ATHENS – It was a reverse “Rudy” moment: Georgia seniors Houston Kessler, Brandon Young and Kenny Paul Geno walked into their coach’s office and had a request.
This is too important a game. Don’t start us.
“I threw them out,” Mark Fox said.
This was the same coach who started the seniors two years ago when No. 1 and unbeaten Kentucky was the senior night opponent. Of course Fox was going to start the against an unranked Auburn, despite his team being without its top scorer and clinging to NCAA hopes.
It helped that one of the seniors was J.J. Frazier. But even as he adds to his growing legend, the star guard did his part to once again not make it easy on his team.
After the game, which Georgia barely won 79-78, Frazier showed an awareness of his team’s precarious postseason fate when he said: “Hopefully this’ll be my last game at Stegeman.” (Georgia is a consensus “first four out” team right now, so if the season ended now Georgia fans would probably get one more chance to chant his name, in the third NIT home game of Frazier’s career.)
But if it was Frazier’s last home game, consider it almost ended this way: With an airball and then the worst turnover of his career. Frazier’s first words at his postgame media session: “I almost gave it away.” He said with a smile, because he could, but he did almost throw away his senior night, and potentially Georgia’s season. His ill-advised heave inside to Derek Ogbeide was picked off, allowing Auburn a chance to win the game.
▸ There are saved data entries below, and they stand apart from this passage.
(* Let $\delta=x^{\mathbf d}f(\theta)$ be a homogeneous differential operator of degree $\mathbf d$ with $\mathbf d\neq\mathbf 0$ and $-\mathbf d\in S$. Let $\mathcal B\subseteq\mathbb N^n$ be compatible with $\mathbf d$ and such that $\delta$ fixes the ideal $I_{\mathcal B}=(x^{\mathbf a}\mid\mathbf a\in V'_{\mathrm{mon}}(f)\cap W_{\mathcal B})$. Then for every $\mathcal B'\subseteq\mathbb N^n$ compatible with $\mathbf d$ with $W_{\mathcal B'}\subseteq W_{\mathcal B}$, the ideal $I_{\mathcal B'}=(x^{\mathbf a}\mid\mathbf a\in V'_{\mathrm{mon}}(f)\cap W_{\mathcal B'})$ is $\delta$-fixed.
   Context: Standing notation. Fix $d\ge 1$. Let $\sigma\subseteq\mathbb R^d$ be a full-dimensional, strongly convex rational polyhedral cone, so $\sigma^\vee$ is full-dimensional and strongly convex. $S=\sigma^\vee\cap\mathbb Z^d$, $R=\mathbb C[S]$ with monomial basis $x^{\mathbf a}$, $\mathbf a\in S$. $h_1,\dots,h_n$ are the primitive support functions of the facets of $\sigma^\vee$, so $S=\{\mathbf a\in\mathbb Z^d:h_i(\mathbf a)\ge0\ \forall i\}$. $(g,m)!=\prod_{j=0}^m(g-j)$ for $m\ge0$, $=1$ for $m<0$; $H_{\mathbf d}=\prod_i(h_i,h_i(-\mathbf d)-1)!$. For $f$ divisible by $H_{\mathbf d}$, $\delta=x^{\mathbf d}f(\theta)$ acts by $\delta(x^{\mathbf a})=f(\mathbf a)x^{\mathbf a+\mathbf d}$. $I$ is $\delta$-fixed if $\delta(I)=I$. $V_{\mathrm{mon}}(f)=\{\mathbf a\in\mathbb Z^d:f(\mathbf a)=0\}$. Write $\mathbf d=q\mathbf e$ with $q\in\mathbb Z_{\ge1}$, $\mathbf e$ primitive. For $\mathbf a\in\mathbb Z^d$, $\operatorname{val}(\mathbf a)=\inf\{t\in\mathbb R:\mathbf a+t\mathbf d\in V_{\mathrm{mon}}(f)\}\in\mathbb R\cup\{\pm\infty\}$ ($\inf\emptyset=+\infty$). When $\operatorname{val}(\mathbf a)$ is finite, $\operatorname{pval}(\mathbf a)=\max\{t\in[\operatorname{val}(\mathbf a),\operatorname{val}(\mathbf a)+1):\mathbf a+t\mathbf d\in V_{\mathrm{mon}}(f)\}$ and $\operatorname{vpt}(\mathbf a)=\mathbf a+\operatorname{pval}(\mathbf a)\mathbf d$. $V'_{\mathrm{mon}}(f)=\{\operatorname{vpt}(\mathbf a):\mathbf a\in\mathbb Z^d,\ \operatorname{val}(\mathbf a)\text{ finite}\}$. A tuple $\beta\in\mathbb N^n$ is compatible with $\mathbf d$ if for every $i$, $\beta_i=0$ or $h_i(\mathbf d)=0$; $\mathcal B\subseteq\mathbb N^n$ is compatible with $\mathbf d$ if each element is. $W_\beta=\{\mathbf a\in S: h_i(\mathbf a)\ge\beta_i\ \forall i\}$, $W_{\mathcal B}=\bigcup_{\beta\in\mathcal B}W_\beta$. *)

From HB Require Import structures.
From mathcomp Require Import all_boot all_order all_algebra.
From mathcomp Require Import complex.
From mathcomp Require Import Rstruct.
From mathcomp Require Import mpoly.
From Stdlib Require Import Rdefinitions.
Set Implicit Arguments. Unset Strict Implicit. Unset Printing Implicit Defensive.
Import Order.TTheory GRing.Theory Num.Theory.
Local Open Scope ring_scope.

Notation RR := Rdefinitions.R.
Definition CC : Type := RR[i].

Definition vec (d : nat) := 'rV[int]_d.

Definition hval d (u a : vec d) : int := \sum_(j < d) u 0 j * a 0 j.

Definition primitive_vec d (u : vec d) : Prop :=
  forall k : int, (forall j, u 0 j \in dvdz k) -> `|k| = 1.

(* h_1..h_n are exactly the primitive inner normals (support functions) of the
   facets of the cone sigma^vee = {x in R^d | h_i(x) >= 0 for all i}, where
   sigma^vee is full-dimensional and strongly convex (equivalently sigma is a
   full-dimensional strongly convex rational polyhedral cone). *)
Definition dual_cone_facets d n (h : 'I_n -> vec d) : Prop :=
  [/\ (forall i, primitive_vec (h i)),
      (* sigma^vee full-dimensional: it has an interior point *)
      (exists a : vec d, forall i, 0 < hval (h i) a),
      (* sigma^vee strongly convex: contains no line *)
      (forall a : vec d, (forall i, hval (h i) a = 0) -> a = 0) &
      (* each h_i = 0 cuts out a facet (relative interior point avoiding the others) *)
      (forall i, exists a : vec d,
           hval (h i) a = 0 /\ forall j, j != i -> 0 < hval (h j) a)].

Definition inS d n (h : 'I_n -> vec d) (a : vec d) : Prop :=
  forall i, 0 <= hval (h i) a.

(* Elements of R = C[S]: finitely supported coefficient functions
   c : Z^d -> C with support in S  (c represents sum_a c(a) x^a). *)
Definition inCS d n (h : 'I_n -> vec d) (c : vec d -> CC) : Prop :=
  (exists s : seq (vec d), forall a, c a != 0 -> a \in s) /\
  (forall a, c a != 0 -> inS h a).

(* c * x^a, as a coefficient function *)
Definition mul_monomial d (c : vec d -> CC) (a : vec d) : vec d -> CC :=
  fun b => c (b - a).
“He loves playing so much he decided to throw the ball away with 15 seconds to go instead of making a good play so we could take him and out celebrate with the crowd,” Fox cracked. “He didn’t want to come off the court.”
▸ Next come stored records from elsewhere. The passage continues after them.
Lemma indecomposable_closed S i j :
  indecomposable rho -> rho_closed S -> i \in S -> j \in S.
Proof.
case=> _ indec closedS iS; apply/negPn/negP => jS; apply: indec.
exists (supported S), (supported (~: S)); split.
- by split; apply: submod_supported.
- by split; apply: Gstable_supported; [|apply: rho_closedC].
- split; first exact: nontrivial_supported iS.
  by apply: (@nontrivial_supported _ _ _ j); rewrite in_setC.
- exact: direct_sum_supported.
Qed.

Definition orbit_idx i0 : {set 'I_n} := [set i | [exists g, rho g i i0 != 0]].

Lemma rho_closed_orbit i0 : rho_closed (orbit_idx i0).
Proof.
suff orbitS g i j : rho g i j != 0 -> j \in orbit_idx i0 -> i \in orbit_idx i0.
  move=> g i j gij; apply/idP/idP; first exact: orbitS (rho_inv_neq0 gij).
  exact: orbitS gij.
rewrite !inE => gij /existsP[h hj]; apply/existsP; exists (g * h)%g.
by rewrite rhoM (mulmx_neq0 Kidem Ksf gij hj).
Qed.

Lemma indecomposable_transitive i0 :
  indecomposable rho -> forall i, exists g, rho g i i0 != 0.
Proof.
move=> indec i; apply/existsP; suff : i \in orbit_idx i0 by rewrite inE.
apply: (@indecomposable_closed _ i0) indec (rho_closed_orbit i0) _.
by rewrite inE; apply/existsP; exists 1%g; rewrite rho1 mxE eqxx oner_neq0.
Qed.

End Representation.

Section GroupSemiring.
Variables (K : comNzSemiRingType) (gT : finGroupType).
Implicit Types x y : KG K gT.

Lemma kg_expand x : x = \sum_g kg_scale (x g) (kg_delta K g).
Proof.
apply/ffunP => k; rewrite sum_ffunE (bigD1 k) //= big1 => [|g gk].
  by rewrite !ffunE eqxx mulr1 addr0.
by rewrite !ffunE eq_sym (negbTE gk) mulr0.
Qed.

Lemma kg_scale_suml (I : Type) (r : seq I) (P : pred I) (a : I -> K) x :
  kg_scale (\sum_(i <- r | P i) a i) x = \sum_(i <- r | P i) kg_scale (a i) x.
Proof.
apply/ffunP => k; rewrite sum_ffunE !ffunE mulr_suml.
by apply: eq_bigr => i _; rewrite ffunE.
Qed.

Lemma kg_mulE z x : kg_mul z x = \sum_g kg_scale (z g) (kg_act g x).
Proof.
apply/ffunP => k; rewrite sum_ffunE ffunE.
by apply: eq_bigr => g _; rewrite !ffunE.
Qed.

Lemma kg_mul_scale1 (c : K) x :
  kg_mul (kg_scale c (kg_delta K 1%g)) x = kg_scale c x.
Proof.
apply/ffunP => k; rewrite !ffunE (bigD1 1%g) //= big1 => [|g g1].
  by rewrite !ffunE eqxx mulr1 invg1 mul1g addr0.
by rewrite !ffunE (negbTE g1) mulr0 mul0r.
Qed.

Section Congruence.
Variable R : KG K gT -> KG K gT -> Prop.
Hypothesis congrR : kg_congr R.

Lemma kg_congrD x1 y1 x2 y2 : R x1 y1 -> R x2 y2 -> R (x1 + x2) (y1 + y2).
Proof.
case: congrR => _ _ Rtrans Radd _ R1 R2.
apply: (Rtrans _ (y1 + x2)); first exact: Radd.
by rewrite !(addrC y1); apply: Radd.
Qed.

Lemma kg_congr_sum (I : finType) (F G : I -> KG K gT) :
  (forall i, R (F i) (G i)) -> R (\sum_i F i) (\sum_i G i).
Proof.
by move=> FG; apply: big_ind2 => //; [case: congrR | apply: kg_congrD].
Qed.

Lemma kg_congr_scale (c : K) x y : R x y -> R (kg_scale c x) (kg_scale c y).
Proof.
case: congrR => _ _ _ _ Rmul /(Rmul _ _ (kg_scale c (kg_delta K 1%g))).
by rewrite !kg_mul_scale1.
Qed.

End Congruence.
End GroupSemiring.

Section CosetModule.
Variables (K : comNzSemiRingType) (gT : finGroupType) (n : nat).
Hypotheses (Kidem : idempotent_semiring K) (Ksf : semifield K).
Variable rho : gT -> 'M[K]_n.
Hypothesis rep : is_rep rho.
Variable i0 : 'I_n.
Implicit Types x y : KG K gT.

Definition orbit_vec g : 'cV[K]_n := col i0 (rho g).

Lemma orbit_vecM g h : orbit_vec (g * h)%g = rho g *m orbit_vec h.
Proof. by rewrite /orbit_vec !colE (rhoM rep) mulmxA. Qed.

Lemma orbit_vec1_neq0 : orbit_vec 1 != 0.
Proof.
rewrite /orbit_vec (rho1 rep); apply/eqP => /matrixP/(_ i0 0).
by rewrite !mxE eqxx => /eqP; rewrite oner_eq0.
Qed.

Definition idx g : 'I_n := odflt i0 [pick i | rho g i i0 != 0].

Lemma idx_neq0 g : rho g (idx g) i0 != 0.
Proof.
rewrite /idx; case: pickP => [//|none] /=.
by have [i] := unitmx_col_neq0 (rhoVl rep g) i0; rewrite none.
Qed.

Lemma orbit_vecE g : orbit_vec g = rho g (idx g) i0 *: delta_mx (idx g) 0.
Proof. exact: (rho_colE Kidem Ksf rep (idx_neq0 g)). Qed.

Lemma orbit_vec_idx g k : idx g = idx k -> orbit_vec g = orbit_vec k.
Proof.
move=> gk; have [b bb1] := Ksf (idx_neq0 g); rewrite gk in bb1.
set c := rho k (idx k) i0 * b.
have kg : orbit_vec k = c *: orbit_vec g.
  by rewrite !orbit_vecE gk scalerA -mulrA (mulrC b) bb1 mulr1.
have c1 : c = 1.
  apply: (rep_eigenvalue_eq1 Kidem Ksf rep (h := (g^-1 * k)%g) orbit_vec1_neq0).
  by rewrite -orbit_vecM mulg1 orbit_vecM kg -scalemxAr -orbit_vecM mulVg.
by rewrite kg c1 scale1r.
Qed.

Definition stab := [set g | orbit_vec g == orbit_vec 1].

Lemma group_set_stab : group_set stab.
Proof.
apply/group_setP; split=> [|g h]; rewrite !inE // => /eqP gS /eqP hS.
by rewrite orbit_vecM hS -orbit_vecM mulg1 gS.
Qed.

Canonical stab_group := Group group_set_stab.

Lemma mem_stab_idx g k : idx g = idx k -> (g^-1 * k)%g \in stab.
Proof.
by move/orbit_vec_idx => gk; rewrite inE orbit_vecM -gk -orbit_vecM mulVg.
Qed.

Definition phi x : 'cV[K]_n := \sum_g x g *: orbit_vec g.

Lemma phi0 : phi 0 = 0.
Proof. by rewrite /phi big1 // => g _; rewrite ffunE scale0r. Qed.

Lemma phiD x y : phi (kg_add x y) = phi x + phi y.
Proof.
by rewrite /phi -big_split; apply: eq_bigr => g _; rewrite ffunE scalerDl.
Qed.

Lemma phi_sum (I : finType) (F : I -> KG K gT) :
  phi (\sum_i F i) = \sum_i phi (F i).
Proof. exact: (big_morph phi phiD phi0). Qed.

Lemma phiZ c x : phi (kg_scale c x) = c *: phi x.
Proof.
by rewrite /phi scaler_sumr; apply: eq_bigr => g _; rewrite ffunE scalerA.
Qed.

Lemma phi_act g x : phi (kg_act g x) = rho g *m phi x.
Proof.
rewrite /phi mulmx_sumr (reindex_inj (mulgI g)) /=; apply: eq_bigr => k _.
by rewrite ffunE mulKg orbit_vecM scalemxAr.
Qed.

Lemma phi_delta g : phi (kg_delta K g) = orbit_vec g.
Proof.
rewrite /phi (bigD1 g) //= big1 ?addr0 => [|k kg]; rewrite ffunE.
  by rewrite eqxx scale1r.
by rewrite (negbTE kg) scale0r.
Qed.

Lemma phi_eq_of_coset_congr x y : coset_congr stab_group x y -> phi x = phi y.
Proof.
move/(_ (fun a b => phi a = phi b)); apply=> [|g h].
- split=> [//|x1 y1 ->|x1 y1 z1 -> ->|x1 y1 z1 e|x1 y1 z1 e] //.
    by rewrite !phiD e.
  rewrite !kg_mulE !phi_sum; apply: eq_bigr => g _.
  by rewrite !phiZ !phi_act e.
- rewrite inE => /eqP hS.
  by rewrite !phi_delta orbit_vecM hS -orbit_vecM mulg1.
Qed.

Definition mass x i := \sum_(g | idx g == i) x g.

Lemma phi_idx x k : phi x (idx k) 0 = mass x (idx k) * rho k (idx k) i0.
Proof.
rewrite /phi summxE /mass mulr_suml [RHS]big_mkcond /=.
apply: eq_bigr => g _.
rewrite mxE; case: eqP => [/orbit_vec_idx -> | gk]; first by rewrite mxE.
by rewrite orbit_vecE !mxE (eq_sym (idx k)) (introF eqP gk) /= mulr0n !mulr0.
Qed.

Lemma mass_phi x y : phi x = phi y -> forall i, mass x i = mass y i.
Proof.
move=> xy i; case: (pickP [pred g | idx g == i]) => [k /eqP <- | none].
  by apply: (sf_mulIf Ksf (idx_neq0 k)); rewrite -!phi_idx xy.
by rewrite /mass !big_pred0.
Qed.

Definition idx_rep i : gT := odflt 1%g [pick g | idx g == i].

Lemma idx_rep_idx g : idx (idx_rep (idx g)) = idx g.
Proof.
by rewrite /idx_rep; case: pickP => [k /eqP //| /(_ g)]; rewrite eqxx.
Qed.

(* The fibres of [idx] are the left cosets of [stab]; the normal form moves the
   mass of each coset onto a single representative. *)
Definition normal_form x : KG K gT :=
  \sum_i kg_scale (mass x i) (kg_delta K (idx_rep i)).

Lemma congr_normal_form (R : KG K gT -> KG K gT -> Prop) x :
  kg_congr R ->
  (forall g h, h \in stab_group -> R (kg_delta K g) (kg_delta K (g * h)%g)) ->
  R x (normal_form x).
Proof.
move=> congrR gen.
have -> : normal_form x = \sum_g kg_scale (x g) (kg_delta K (idx_rep (idx g))).
  rewrite [RHS](partition_big idx predT) //=; apply: eq_bigr => i _.
  by rewrite kg_scale_suml; apply: eq_bigr => g /eqP ->.
rewrite {1}(kg_expand x); apply: (kg_congr_sum congrR) => g.
apply: (kg_congr_scale congrR).
by have := gen g _ (mem_stab_idx (esym (idx_rep_idx g))); rewrite mulKVg.
Qed.

Lemma coset_congr_of_phi x y : phi x = phi y -> coset_congr stab_group x y.
Proof.
move=> xy R congrR gen; have [_ Rsym Rtrans _ _] := congrR.
have nfxy : normal_form x = normal_form y.
  by apply: eq_bigr => i _; rewrite (mass_phi xy).
apply: Rtrans (congr_normal_form x congrR gen) _.
by rewrite nfxy; apply: Rsym; apply: congr_normal_form.
Qed.

Lemma phi_surj :
  (forall i, exists g, rho g i i0 != 0) -> forall v, exists x, phi x = v.
Proof.
move=> transitive v.
have /fin_all_exists[e eE] : forall i, exists x, phi x = delta_mx i 0.
  move=> i; have [g gi] := transitive i; have [b bb1] := Ksf gi.
  exists (kg_scale b (kg_delta K g)).
  rewrite phiZ phi_delta /orbit_vec (rho_colE Kidem Ksf rep gi).
  by rewrite scalerA mulrC bb1 scale1r.
exists (\sum_i kg_scale (v i 0) (e i)); rewrite phi_sum [RHS]matrix_sum_delta.
by apply: eq_bigr => i _; rewrite big_ord1 phiZ eE.
Qed.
But Auburn, needing just a two-pointer to win and given a timeout to think over the final 7.5 seconds, somehow only managed a long 3-point heave. Of course the Tigers had been making 3s all night, so maybe it was their best shot. Anyway, it missed, and Georgia for the second straight game escaped with a win it should have gotten more easily.
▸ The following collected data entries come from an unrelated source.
Lemma mulrn_min_div_le (c : rat) (K k : nat) : (0 < k)%N -> (k <= K)%N ->
  Order.min (c / K%:R) c *+ k <= c.
Proof.
move=> k_gt0 kK; have K_neq0 : (K%:R != 0 :> rat) by rewrite pnatr_eq0; lia.
have k_ge0 : (0 <= k%:R :> rat) by [].
rewrite -[_ *+ k]mulr_natr; case: (lerP 0 c) => c0.
- apply: le_trans (ler_wpM2r k_ge0 (min_le_l _ _)) _.
  rewrite -[X in _ <= X](divfK K_neq0) ler_wpM2l ?ler_nat //.
  by rewrite divr_ge0 ?ler0n.
- apply: le_trans (ler_wpM2r k_ge0 (min_le_r _ _)) _.
  have : (1 <= k%:R :> rat) by rewrite ler1n.
  nra.
Qed.

Definition off_corner n (i j : 'I_n) := ~~ ((val i == 0%N) && (val j == n.-1)).

Definition subinterval_closed n (Q : 'I_n -> 'I_n -> bool) :=
  forall i k j : 'I_n, (i <= k <= j)%N -> Q i j -> Q i k && Q k j.

Section OffCorner.
Variable n : nat.
Implicit Types i j k : 'I_n.

Lemma off_corner_l i k j : (k < j)%N -> off_corner i k.
Proof. by move=> kj; apply/nandP; right; apply/eqP => /= kn; have := ltn_ord j; lia. Qed.

Lemma off_corner_r i k j : (i < k)%N -> off_corner k j.
Proof. by move=> ik; apply/nandP; left; apply/eqP => /= k0; lia. Qed.

Lemma subinterval_closed_off_corner : subinterval_closed (@off_corner n).
Proof.
move=> i k j /andP[ik kj] Qij; apply/andP; split.
  by move: kj; rewrite leq_eqVlt => /orP[/eqP/val_inj -> //|/off_corner_l ->].
by move: ik; rewrite leq_eqVlt => /orP[/eqP/val_inj <- //|/off_corner_r ->].
Qed.

Lemma off_corner_length i j : off_corner i j -> (j - i <= n.-2)%N.
Proof. rewrite /off_corner negb_and => /orP[] /eqP /= h; have := ltn_ord j; lia. Qed.

End OffCorner.

Section WeightedValuation.
Variables (M : fieldType) (v : M -> \bar rat).
Hypothesis dv : discrete_valuation v.
Variable n : nat.
Implicit Types (X Y : 'M[M]_n) (Q : 'I_n -> 'I_n -> bool).
Local Open Scope ereal_scope.

Definition vmx_on Q X := \big[Order.min/+oo]_(i < n)
  \big[Order.min/+oo]_(j < n | (i < j)%N && Q i j) ediv (v (X i j)) (j - i).

(* Unlike [vmx_on], this also reads the diagonal, where it asks
   [0 <= v (X i i)]; the diagonal terms of a product are then handled like the
   others. *)
Definition slope_bounded Q m X :=
  forall i j : 'I_n, (i <= j)%N -> Q i j -> m *+ (j - i) <= v (X i j).

Definition diag_val_ge0 X := forall i, 0 <= v (X i i).

Lemma vmxE X : vmx v X = vmx_on (fun _ _ => true) X.
Proof. by apply: eq_bigr => i _; apply: eq_bigl => j; rewrite andbT. Qed.

Lemma vtmxE X : vtmx v X = vmx_on (@off_corner n) X.
Proof. by []. Qed.
Lemma valid2_Land X Y G D : valid2 (X :: Y :: G) D -> valid2 (And2 X Y :: G) D.
Proof.
  intros h N P [hXY hG]%Forall_cons_iff hD.
  destruct (in_map_F_And2 _ _ _ hXY) as (A & B & -> & -> & hAB).
  apply (entails_andL A B); [exact hAB|]; apply h.
  - repeat constructor; try (apply coverL_F; simpl; auto).
    eapply Forall_coverL_incl; [| |exact hG]; auto with datatypes.
  - eapply Forall_coverR_incl; [| |exact hD]; auto with datatypes.
Qed.

Lemma valid2_Rand X Y G D :
  valid2 G (X :: D) -> valid2 G (Y :: D) -> valid2 G (And2 X Y :: D).
Proof.
  intros hX hY N P hG [hXY hD]%Forall_cons_iff.
  destruct (in_map_F_And2 _ _ _ hXY) as (A & B & -> & -> & hAB).
  assert (hD' : forall E, Forall (coverR N (E :: P)) D)
    by (intro E; eapply Forall_coverR_incl; [| |exact hD]; auto with datatypes).
  assert (hG' : forall E, Forall (coverL N (E :: P)) G)
    by (intro E; eapply Forall_coverL_incl; [| |exact hG]; auto with datatypes).
  apply (entails_andR A B); [exact hAB | apply hX | apply hY]; auto;
    constructor; auto; apply coverR_F; simpl; auto.
Qed.

Lemma valid2_Lor X Y G D :
  valid2 (X :: G) D -> valid2 (Y :: G) D -> valid2 (Or2 X Y :: G) D.
Proof.
  intros hX hY N P [hXY hG]%Forall_cons_iff hD.
  destruct (in_map_F_Or2 _ _ _ hXY) as (A & B & -> & -> & hAB).
  assert (hG' : forall E, Forall (coverL (E :: N) P) G)
    by (intro E; eapply Forall_coverL_incl; [| |exact hG]; auto with datatypes).
  assert (hD' : forall E, Forall (coverR (E :: N) P) D)
    by (intro E; eapply Forall_coverR_incl; [| |exact hD]; auto with datatypes).
  apply (entails_orL A B); [exact hAB | apply hX | apply hY]; auto;
    constructor; auto; apply coverL_F; simpl; auto.
Qed.

Lemma valid2_Ror X Y G D : valid2 G (X :: Y :: D) -> valid2 G (Or2 X Y :: D).
Proof.
  intros h N P hG [hXY hD]%Forall_cons_iff.
  destruct (in_map_F_Or2 _ _ _ hXY) as (A & B & -> & -> & hAB).
  apply (entails_orR A B); [exact hAB|]; apply h.
  - eapply Forall_coverL_incl; [| |exact hG]; auto with datatypes.
  - repeat constructor; try (apply coverR_F; simpl; auto).
    eapply Forall_coverR_incl; [| |exact hD]; auto with datatypes.
Qed.

Lemma valid2_Lmimp A B G D :
  valid2 G (F A :: D) -> valid2 (F B :: G) D -> valid2 (MImp A B :: G) D.
Proof.
  intros hA hB N P [[hAP|hBN] hG]%Forall_cons_iff hD.
  - apply hA; auto; constructor; [apply coverR_F|]; auto.
  - apply hB; auto; constructor; [apply coverL_F|]; auto.
Qed.

Lemma valid2_Rmimp A B G D :
  valid2 (F A :: G) (F B :: D) -> valid2 G (MImp A B :: D).
Proof.
  intros h N P hG [[hAN hBP] hD]%Forall_cons_iff.
  apply h; constructor; auto; [apply coverL_F | apply coverR_F]; auto.
Qed.

Lemma valid2_LRimp A B C D' G D :
  valid2 [MImp C D'; F A] [F B] -> valid2 (F (Imp C D') :: G) (F (Imp A B) :: D).
Proof.
  intros h N P [hCD _]%Forall_cons_iff [hAB _]%Forall_cons_iff.
  apply coverL_F in hCD; apply coverR_F in hAB.
  assert (hACB : WFN2 (Imp A (Or C B))).
  { apply (entails_bigAnd_bigOr [A] [C; B]), h.
    - constructor; [simpl; auto|]; constructor; [apply coverL_F; simpl|]; auto.
    - constructor; [apply coverR_F; simpl|]; auto. }
  assert (hADB : WFN2 (Imp (And A D') B)).
  { apply (entails_bigAnd_bigOr [A; D'] [B]), h.
    - constructor; [simpl; auto|]; constructor; [apply coverL_F; simpl|]; auto.
    - constructor; [apply coverR_F; simpl|]; auto. }
  intros E E' hE hE'.
  eapply r_trans; [apply hE, hCD|].
  eapply r_trans; [apply r_N2; eassumption | apply hE', hAB].
Qed.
About that: You are what your record says you are, and Georgia is 18-12, and 9-8 in the SEC. Close wins over Auburn, LSU and Texas? Not impressive, sure, but they count as wins – unlike those well-played but close losses to Kentucky (twice) and Florida. Those offset.
Oh, but then there’s also the one-point loss at Texas A&M after the clock malfunction. And a two-point loss at South Carolina.
“I don’t know if it’s the breaks or not. Might be,” Fox said, before smiling: “If it is, we’re still owed a few.”
If anything, the Bulldogs are changing the narrative of their season from disappointing to resilient. They’re now 3-0 without Yante Maten, and nearly beat Kentucky after losing him 95 seconds into that game. This Auburn game was another example of not folding.
Georgia found itself down 28-12. It had committed seven turnovers. It looked terrible, and was in danger of being boat-raced off the court on senior night.
Then Frazier got going. He would finish with 31 points, as well as five assists, highlighted by great drives and pass-outs to freshman Tyree Crump, who drained two 3s on those plays.
“Our team without Yante, we’re just glueing it together. But J.J.’s our super-glue,” Fox said. “He just refuses to let us get beat, and I love that kid.”
When it was over, Frazier kissed the halfcourt logo. Georgia’s hopes for an NCAA bid still seem uphill, probably needing two more wins, which would require either a win at Arkansas on Saturday or reaching the SEC semifinals. That’s going to be tough unless Maten rips the brace off his knee soon.
But Frazier is a confident kid, and as he knealt down and puckered up to the G on Wednesday night, he acted like somebody saying goodbye.
“I’m glad we went out with a win,” he said. “I can’t say how much of this university, this fan base, that’s still behind me, through ups and downs have rolled with me, and put my heart and soul into this school.”